EXERCISE DESCRIPTION.
The lines from the first line of the entries through the line containing "real_eq. field. apply INR_fact_neq_0." are to be repeated exactly, with both of those lines included.

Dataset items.

Segment Open

Lemma sig_rev_segment a v rw t :
  sig_rev (segment a v) rw t = prod_letters v rw * t ^ length rw / INR (fact (length rw)).
Proof.
  revert t. induction rw as [|i rw IH]; intros t; [simpl; field|].
  set (k := length rw). set (c := prod_letters v rw / INR (fact k) * v i).
  apply is_RInt_unique.
  apply (is_RInt_extR (fun s => c * s ^ k)).
  { intros x _. unfold c. rewrite IH, (Derive_right_affine_at _ _ _ (right_affine_at_segment a v i x)).
    unfold k. field. apply INR_fact_neq_0. }
  replace (prod_letters v (i :: rw) * t ^ length (i :: rw) / INR (fact (length (i :: rw))))
    with (minus (c / INR (S k) * t ^ S k) (c / INR (S k) * 0 ^ S k)).
  2:{ change (minus ?x ?y) with (x - y).
      change (length (i :: rw)) with (S k). change (fact (S k)) with (S k * fact k)%nat.
      change (prod_letters v (i :: rw)) with (v i * prod_letters v rw).
      rewrite mult_INR, S_INR. unfold c. cbn [pow].
      real_eq. field. split; [apply INR_fact_neq_0|]. pose proof (pos_INR k). lra. }
  apply (is_RInt_derive (fun s => c / INR (S k) * s ^ S k)).
  - intros x _. auto_derive; [exact I|].
    change (match k with 0%nat => 1 | S _ => INR k + 1 end) with (INR (S k)).
    field. apply not_0_INR. lia.
  - intros x _. apply (ex_derive_continuous (fun s => c * s ^ k)). auto_derive. exact I.
Qed.

Lemma integrable_segment a v : integrable (segment a v).
Proof.
  intros rw i.
  set (c := prod_letters v rw / INR (fact (length rw)) * v i).
  apply (ex_RInt_ext (fun s => c * s ^ length rw)).
  - intros x _. unfold sig_integrand, c. rewrite sig_rev_segment,
      (Derive_right_affine_at _ _ _ (right_affine_at_segment a v i x)).
    real_eq. field. apply INR_fact_neq_0.
  - apply (@ex_RInt_continuous R_CompleteNormedModule). intros z _.
    apply (ex_derive_continuous (fun s => c * s ^ length rw)). auto_derive. exact I.
Qed.

Lemma prod_letters_app v a b : prod_letters v (a ++ b) = prod_letters v a * prod_letters v b.
Proof. induction a as [|x a IH]; simpl; [ring|]. unfold prod_letters in *. rewrite IH. ring. Qed.

Lemma prod_letters_rev v w : prod_letters v (rev w) = prod_letters v w.
Proof.
  induction w as [|x w IH]; [reflexivity|]. simpl rev. rewrite prod_letters_app, IH.
  unfold prod_letters; simpl. ring.
Qed.

Lemma sig_segment a v w : sig (segment a v) w = prod_letters v w / INR (fact (length w)).
Proof.
  unfold sig. rewrite sig_rev_segment, pow1, Rmult_1_r, length_rev, prod_letters_rev.
  reflexivity.
Qed.

(** * Signatures of concatenations *)

Lemma concat_left X Y i s : s <= 1/2 -> concat X Y i s = X i (2 * s).
Proof. intros H. unfold concat. destruct (Rle_dec s (1/2)); [reflexivity|lra]. Qed.

Lemma concat_right X Y i s : 1/2 <= s -> concat X Y i s = Y i (2 * s - 1) - Y i 0 + X i 1.
Proof.
  intros H. unfold concat. destruct (Rle_dec s (1/2)); [|reflexivity].
  replace s with (1/2) by lra. replace (2 * (1/2) - 1) with 0 by lra.
  replace (2 * (1/2)) with 1 by lra. ring.
Qed.
(* Let $\langle A_\alpha:\alpha<\mathfrak{p}\rangle$ be a tower. Let $X$ be the space on $(\omega\times\mathfrak{p})\cup\{\infty\}$ in which all points of $\omega\times\mathfrak{p}$ are isolated and a local subbase at $\infty$ consists of the sets $X\setminus(\{n\}\times\mathfrak{p})$ for $n<\omega$; $X\setminus(A_\alpha\times\alpha)$ for $\alpha<\mathfrak{p}$; and $X\setminus(B\times\alpha)$ where $\alpha<\mathfrak{p}$ has $\mathrm{cf}(\alpha)>\omega$ and $B$ is a pseudo-intersection of $\{A_\beta:\beta<\alpha\}$. Then $X$ is CFC, Fréchet, and not $L$-selective.
   Context: $\mathfrak{p}$ is the pseudo-intersection number. A pseudo-intersection of a family of subsets of $\omega$ is a set $B\subseteq\omega$ with $B\subseteq^*A$ (inclusion modulo finite) for every $A$ in the family. A tower of length $\kappa$ is a sequence $\langle A_\alpha:\alpha<\kappa\rangle$ of infinite subsets of $\omega$ with $A_\beta\subseteq^*A_\alpha$ for $\alpha<\beta$ and no infinite pseudo-intersection. A space is CFC if every countable subspace is first countable; it is Fréchet if whenever $x\in\overline{A}$ some sequence in $A$ converges to $x$. $\mathcal{F}(X)$ is the set of nonempty closed subsets of $X$; $\varphi:Y\rightarrow\mathcal{F}(X)$ is lower semicontinuous if for every open $W\subseteq X$, $\{y:\varphi(y)\cap W\neq\emptyset\}$ is open. $X$ is $L$-selective if every lower semicontinuous $\varphi:\omega+1\rightarrow\mathcal{F}(X)$ ($\omega+1$ with the order topology) has a continuous selection $s$ with $s(y)\in\varphi(y)$ for all $y$. *)

From HB Require Import structures.
From mathcomp Require Import all_boot all_order.
From mathcomp Require Import all_classical all_reals topology.
Set Implicit Arguments.
Unset Strict Implicit.
Unset Printing Implicit Defensive.
Import Order.TTheory.
Local Open Scope classical_set_scope.

Definition subset_mod_fin (B A : set nat) : Prop := finite_set (B `\` A).

Definition pseudo_intersection (F : set (set nat)) (B : set nat) : Prop :=
  forall A, F A -> subset_mod_fin B A.

Definition SFIP (F : set (set nat)) : Prop :=
  forall s : seq (set nat), s != [::] -> (forall A, A \in s -> F A) ->
    infinite_set [set n | forall A, A \in s -> A n].

Definition p_family (F : set (set nat)) : Prop :=
  (forall A, F A -> infinite_set A) /\ SFIP F /\
  ~ (exists B, infinite_set B /\ pseudo_intersection F B).

(* Ordinals: a well-ordered type K "is" the cardinal p when it is an   *)
(* initial ordinal (every proper initial segment has strictly smaller  *)
(* cardinality) whose cardinality is the pseudo-intersection number p. *)

Definition well_ordered d (K : orderType d) : Prop :=
  forall S : set K, S !=set0 -> exists m, S m /\ forall y, S y -> (m <= y)%O.

Definition initial_ordinal d (K : orderType d) : Prop :=
  forall a : K, ~ ([set: K] #<= [set b : K | (b < a)%O])%card.

Definition card_is_p d (K : orderType d) : Prop :=
  (exists F, p_family F /\ (F #<= [set: K])%card) /\
  (forall F, p_family F -> ([set: K] #<= F)%card).

Definition is_ordinal_p d (K : orderType d) : Prop :=
  well_ordered K /\ initial_ordinal K /\ card_is_p K.

(* cf(a) > omega: a is nonzero and every countable set of ordinals below a
   is bounded below a (this excludes a = 0, successors, and limits of
   countable cofinality) *)
Definition uncountable_cof d (K : orderType d) (a : K) : Prop :=
  (exists b, (b < a)%O) /\
  forall f : nat -> K, (forall n, (f n < a)%O) ->
    exists b, (b < a)%O /\ forall n, (f n < b)%O.

Definition tower d (K : orderType d) (A : K -> set nat) : Prop :=
  (forall a, infinite_set (A a)) /\
  (forall a b, (a < b)%O -> subset_mod_fin (A b) (A a)) /\
  ~ (exists B, infinite_set B /\ pseudo_intersection (range A) B).

(* The space X on (omega x K) ∪ {oo}; oo is None, (n, a) is Some (n,a) *)

Section Xspace.
Context d (K : orderType d).

(* the underlying type; it mentions A so that the topology depends on A *)
Definition Xsp (A : K -> set nat) : Type := option (nat * K).

Variable A : K -> set nat.
HB.instance Definition _ := Choice.on (Xsp A).
HB.instance Definition _ := Pointed.on (set (Xsp A)).

Definition Xsubbase : set (set (Xsp A)) :=
  [set S | (exists p : nat * K, S = [set Some p])
       \/ (exists n : nat, S = ~` [set Some (n, b) | b in [set: K]])
       \/ (exists a : K,
             S = ~` [set Some (m, b) | m in A a & b in [set b | (b < a)%O]])
       \/ (exists (a : K) (B : set nat),
             uncountable_cof a /\
             pseudo_intersection [set A b | b in [set b | (b < a)%O]] B /\
             S = ~` [set Some (m, b) | m in B & b in [set b | (b < a)%O]])].

HB.instance Definition _ :=
  isSubBaseTopological.Build (Xsp A) Xsubbase (@id (set (Xsp A))).

End Xspace.

(* every countable subspace is first countable: for each countable Y and
   y in Y there are countably many open neighbourhoods U_n of y in X such
   that the traces U_n ∩ Y form a local base at y of the subspace Y *)
Definition CFC (T : topologicalType) : Prop :=
  forall Y : set T, countable Y -> forall y, Y y ->
    exists U : nat -> set T, (forall n, open (U n) /\ U n y) /\
      forall V, open V -> V y -> exists n, U n `&` Y `<=` V.

Definition Frechet (T : topologicalType) : Prop :=
  forall (Y : set T) (x : T), closure Y x ->
    exists u : nat -> T, (forall n, Y (u n)) /\ (u @ \oo --> x).

(* omega + 1 with the order topology, represented as option nat with
   None = omega: a set S is open iff whenever it contains omega it
   contains a final segment (N, omega] *)
Definition omega1_open (S : set (option nat)) : Prop :=
  S None -> exists N, forall n, (N <= n)%N -> S (Some n).

Definition lower_semicontinuous (T : topologicalType)
    (phi : option nat -> set T) : Prop :=
  forall W : set T, open W -> omega1_open [set y | phi y `&` W !=set0].

Definition omega1_continuous (T : topologicalType) (s : option nat -> T) :=
  forall W : set T, open W -> omega1_open (s @^-1` W).

Definition L_selective (T : topologicalType) : Prop :=
  forall phi : option nat -> set T,
    (forall y, phi y !=set0 /\ closed (phi y)) ->
    lower_semicontinuous phi ->
    exists s : option nat -> T, omega1_continuous s /\ forall y, phi y (s y).

(* Since the tower has no infinite pseudo-intersection, a diagonal argument
   shows that every countable set of indices is bounded; together with the
   well-ordering of the indices this is all that is used about p.

   X is not L-selective: phi(n) = {n} x p and phi(omega) = {oo} is lower
   semicontinuous, but a continuous selection n |-> (n, g n) would put almost
   all (n, g n) in the neighbourhood X \ (A_t x t) of oo, where t bounds g,
   so A_t would be finite.

   X is CFC: a countable Y meets only countably many columns, and which of
   them lie below a depends only on the cut a makes in them. If a0 is the
   least index with the same cut, then A_a is almost contained in A_a0, so
   X \ (A_a0 x a0) and a row bound trace on Y inside X \ (A_a x a). The
   countably many cuts and row bounds thus give a countable base of traces at
   oo; the sets X \ (B x a) with cf(a) > omega reduce to them, because the
   countably many columns of Y below a are bounded below a.

   X is Frechet: if oo is in the closure of Y, take the least t such that oo is
   in the closure of Y restricted to the columns below t. If cf(t) = omega,
   pick points of Y outside A_t x t in columns cofinal in t. Otherwise (or if
   there is no such t) the set E of rows along which Y is cofinal is not a
   pseudo-intersection of the A_b below t, so E \ A_b is infinite for some b,
   and points of Y in these rows with columns above b converge to oo. *)

From mathcomp Require Import all_boot all_order.
From mathcomp Require Import all_classical all_reals topology finmap.
Import Order.TTheory.
Set Implicit Arguments.
Unset Strict Implicit.
Unset Printing Implicit Defensive.
Local Open Scope classical_set_scope.

Lemma finite_nat_bounded (F : set nat) :
  finite_set F -> exists N, forall n, F n -> (n < N)%N.
Proof.
move=> /finite_fsetP [X ->].
suff [N HN] : exists N, forall n, n \in enum_fset X -> (n < N)%N by exists N.
elim: (enum_fset X) => [|a s [N HN]]; first by exists 0%N.
exists (maxn a.+1 N) => n; rewrite inE => /orP [/eqP ->|/HN nN].
  by rewrite leq_max leqnn.
by rewrite leq_max nN orbT.
Qed.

Segment Closed

OUTPUT FOR THIS TASK.
Lemma sig_rev_segment a v rw t :
  sig_rev (segment a v) rw t = prod_letters v rw * t ^ length rw / INR (fact (length rw)).
Proof.
  revert t. induction rw as [|i rw IH]; intros t; [simpl; field|].
  set (k := length rw). set (c := prod_letters v rw / INR (fact k) * v i).
  apply is_RInt_unique.
  apply (is_RInt_extR (fun s => c * s ^ k)).
  { intros x _. unfold c. rewrite IH, (Derive_right_affine_at _ _ _ (right_affine_at_segment a v i x)).
    unfold k. field. apply INR_fact_neq_0. }
  replace (prod_letters v (i :: rw) * t ^ length (i :: rw) / INR (fact (length (i :: rw))))
    with (minus (c / INR (S k) * t ^ S k) (c / INR (S k) * 0 ^ S k)).
  2:{ change (minus ?x ?y) with (x - y).
      change (length (i :: rw)) with (S k). change (fact (S k)) with (S k * fact k)%nat.
      change (prod_letters v (i :: rw)) with (v i * prod_letters v rw).
      rewrite mult_INR, S_INR. unfold c. cbn [pow].
      real_eq. field. split; [apply INR_fact_neq_0|]. pose proof (pos_INR k). lra. }
  apply (is_RInt_derive (fun s => c / INR (S k) * s ^ S k)).
  - intros x _. auto_derive; [exact I|].
    change (match k with 0%nat => 1 | S _ => INR k + 1 end) with (INR (S k)).
    field. apply not_0_INR. lia.
  - intros x _. apply (ex_derive_continuous (fun s => c * s ^ k)). auto_derive. exact I.
Qed.

Lemma integrable_segment a v : integrable (segment a v).
Proof.
  intros rw i.
  set (c := prod_letters v rw / INR (fact (length rw)) * v i).
  apply (ex_RInt_ext (fun s => c * s ^ length rw)).
  - intros x _. unfold sig_integrand, c. rewrite sig_rev_segment,
      (Derive_right_affine_at _ _ _ (right_affine_at_segment a v i x)).
    real_eq. field. apply INR_fact_neq_0.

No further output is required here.